His first pick could have been the product of an offensive line still working out its kinks, but the second, he threw while facing no traffic.
The third he simply didn’t put enough heat on as he attempted to throw it away.
His rough debut wasn’t indicative of his previously reliable ball security as a Mustang. During his career in Dallas, he threw just eight total interceptions. Saturday’s outing was the first time he has thrown four picks in a game, and just the second time he’s thrown more than one.
Stone never found his groove Saturday, fumbling the ball in the contest’s final minutes to further add insult to injury.
It would be hard to attribute his shaky play to nerves.
2. One declined penalty speaks volumes
With just about five and a half minutes remaining in the second quarter, NU’s defense seemed like it had finally found its groove.
On consecutive plays, graduate student defensive lineman Aidan Hubbard sacked Retzlaff and redshirt junior defensive lineman Brendan Flakes broke up a pass.
To make matters worse for Tulane, the officials called offensive holding on its subsequent play that would have put them at third-and-29 and pushed them out of field goal range.
Instead, NU declined the penalty. The Green Wave kicked a field goal to make the game 13-3.
The conservative coaching decision said a lot about what the ’Cats were hoping for out of their opener. At a moment when their defense was effectively containing a fizzling drive, they opted to hand their opponents three points rather than taking a chance with the odds heavily in their favor.
In a blowout loss, a different decision likely wouldn’t have changed the game’s outcome, but it was a point where things could have gone much differently if NU’s defense could have forced a turnover on downs.
3. Wake up babe, it’s gameday
It could have been the Louisiana heat, the morning kickoff or just season-opening jitters, but the ’Cats didn’t seem to find their footing in most facets of the game until well after halftime.
It’s hard to bounce back from a three-possession deficit, especially with an NU offense that finished in the Big Ten basement in almost every statistical category last season.
But despite a lackluster opening 30 minutes, the ’Cats showed glimpses of promise in a much more respectable second half, particularly on defense.
Even with two additional turnovers by Stone, Braun’s group held Tulane to three points after intermission.
4. Flashbacks and echoes of a 2024 offense
Zero passing touchdowns, five turnovers, tractionless short-run plays with a drive’s continuity on the line?
In a brutal loss that had few positive offensive takeaways for the visitors, coordinator and quarterback coach Zach Lujan seemed to cling to a playbook that often led his squad astray last season.
With just over 90 seconds remaining in the first quarter, NU was down 7-0 on third down play seven yards from the endzone. It was the type of play where taking a chance could have erased Stone’s first-drive interception that led to a quick Tulane touchdown.

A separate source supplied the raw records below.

(* Let $n=p^a$ with $p$ prime and $a\in\mathbb{N}$. Then the number of distinct $n\times n$ principal reversible squares is $N_n=\binom{2a-1}{a}$.
   Context: A reversible square matrix is a real matrix $M=(M_{i,j})$ with indices $i,j\in\mathbb{Z}_n=\mathbb{Z}/n\mathbb{Z}$ (top-left entry index $(1,1)$, indices computed modulo $n$) such that (R) $M_{i,j}+M_{i,n+1-j}=M_{i,k}+M_{i,n+1-k}$ and $M_{i,j}+M_{n+1-i,j}=M_{k,j}+M_{n+1-k,j}$ for all $i,j,k$, and (V) $M_{i,j}+M_{k,l}=M_{i,l}+M_{k,j}$ for all $i,j,k,l$. An $n\times n$ principal reversible square is a reversible square matrix whose set of entries is exactly $\{1,\dots,n^2\}$, whose entries increase along each row and each column, and with $M_{1,1}=1$, $M_{1,2}=2$. *)

(* Indices: paper index i in {1..n} corresponds to the
   ordinal i-1 : 'I_n; the paper's n+1-j corresponds to rev_ord j. *)
From mathcomp Require Import all_boot all_order all_algebra.
From mathcomp Require Import reals.
Set Implicit Arguments. Unset Strict Implicit. Unset Printing Implicit Defensive.
Import Order.TTheory GRing.Theory Num.Theory.
Local Open Scope ring_scope.

Section RevSq.
Variables (R : realType) (n : nat).

Definition rev_cond (M : 'M[R]_n) : Prop :=
  (forall i j k : 'I_n, M i j + M i (rev_ord j) = M i k + M i (rev_ord k)) /\
  (forall i j k : 'I_n, M i j + M (rev_ord i) j = M k j + M (rev_ord k) j).

Definition vert_cond (M : 'M[R]_n) : Prop :=
  forall i j k l : 'I_n, M i j + M k l = M i l + M k j.

Definition reversible_square (M : 'M[R]_n) : Prop := rev_cond M /\ vert_cond M.

Definition principal_reversible_square (M : 'M[R]_n) : Prop :=
  reversible_square M /\
  [/\
      (forall i j : 'I_n, exists m : nat, (1 <= m <= n ^ 2)%N /\ M i j = m%:R),
      (forall m : nat, (1 <= m <= n ^ 2)%N -> exists i j : 'I_n, M i j = m%:R),
      (forall (i j k : 'I_n), (j < k)%N -> M i j < M i k) /\
      (forall (i j k : 'I_n), (i < k)%N -> M i j < M k j),
      (forall i j : 'I_n, val i = 0%N -> val j = 0%N -> M i j = 1) &
      (* M_{1,2} = 2 (paper indices, taken modulo n) *)
      (forall i j : 'I_n, val i = 0%N -> val j = (1 %% n)%N -> M i j = 2)].

End RevSq.

From mathcomp Require Import all_boot all_order all_algebra.
From mathcomp Require Import reals.
From mathcomp Require Import zify.
Import Order.TTheory GRing.Theory Num.Theory.
Set Implicit Arguments. Unset Strict Implicit. Unset Printing Implicit Defensive.

(* Condition (V) forces M i j = A_i + B_j + 1 for increasing sequences A and B
   starting at 0; the entry condition then says that A (+) B = {0, ..., n^2 - 1}
   is a direct-sum tiling, and M_{1,2} = 2 puts 1 in B. By de Bruijn's structure
   theorem, if m is the least positive element of A, then m divides every
   element of A and B is a union of blocks [qm, qm + m), so A = m A' and
   B = B' + {0, ..., m - 1} for a tiling A' (+) B' of {0, ..., N/m - 1} with
   1 in A'. For N = p^(x + y) and |A| = p^x this enumerates the tilings
   recursively (m = p^k with k >= 1, the two factors swapping roles); their
   number satisfies a hockey-stick recurrence solved by C(x + y - 1, x), and
   every tiling built this way is symmetric, which is condition (R). *)

(** * Direct-sum tilings of an initial segment *)

Definition tiling (N : nat) (A B : seq nat) : Prop :=
  [/\ forall a b, a \in A -> b \in B -> a + b < N,
      forall z, z < N -> exists a b, [/\ a \in A, b \in B & z = a + b] &
      forall a b a' b', a \in A -> b \in B -> a' \in A -> b' \in B ->
        a + b = a' + b' -> a = a'].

Instead, the ’Cats played it safe. Run-play. Field goal. 7-3.
That was before Stone threw two more picks before the first half’s conclusion and Tulane took a double-digit lead.
On a day when NU’s quarterback play left much to be desired, leaning on the run game seemed like the sensible choice for Lujan.
But in a similarly cautious coaching decision to opting to decline the second-quarter penalty on defense, deciding not to take a chance on fourth down after the third-and-seven run play may have been an early moment when things could have gone much differently.
5. Safety play continues to be a bright spot
Ahead of Saturday’s loss, Braun said at his weekly press conference that safeties Robert Fitzgerald, Damon Walters and Garner Wallace were all “proven” Big Ten-caliber players who he anticipated would see a lot of playing time this season.
He added that the team is assessing “creative ways” that they could get all three of them on the field at the same time.
Walters was ruled out ahead before NU took the field at Tulane, but Wallace and Fitzgerald quietly delivered the performances Braun had expected from them.
The pair combined for 21 tackles and played a major role in holding the Green Wave offense to three second-half points.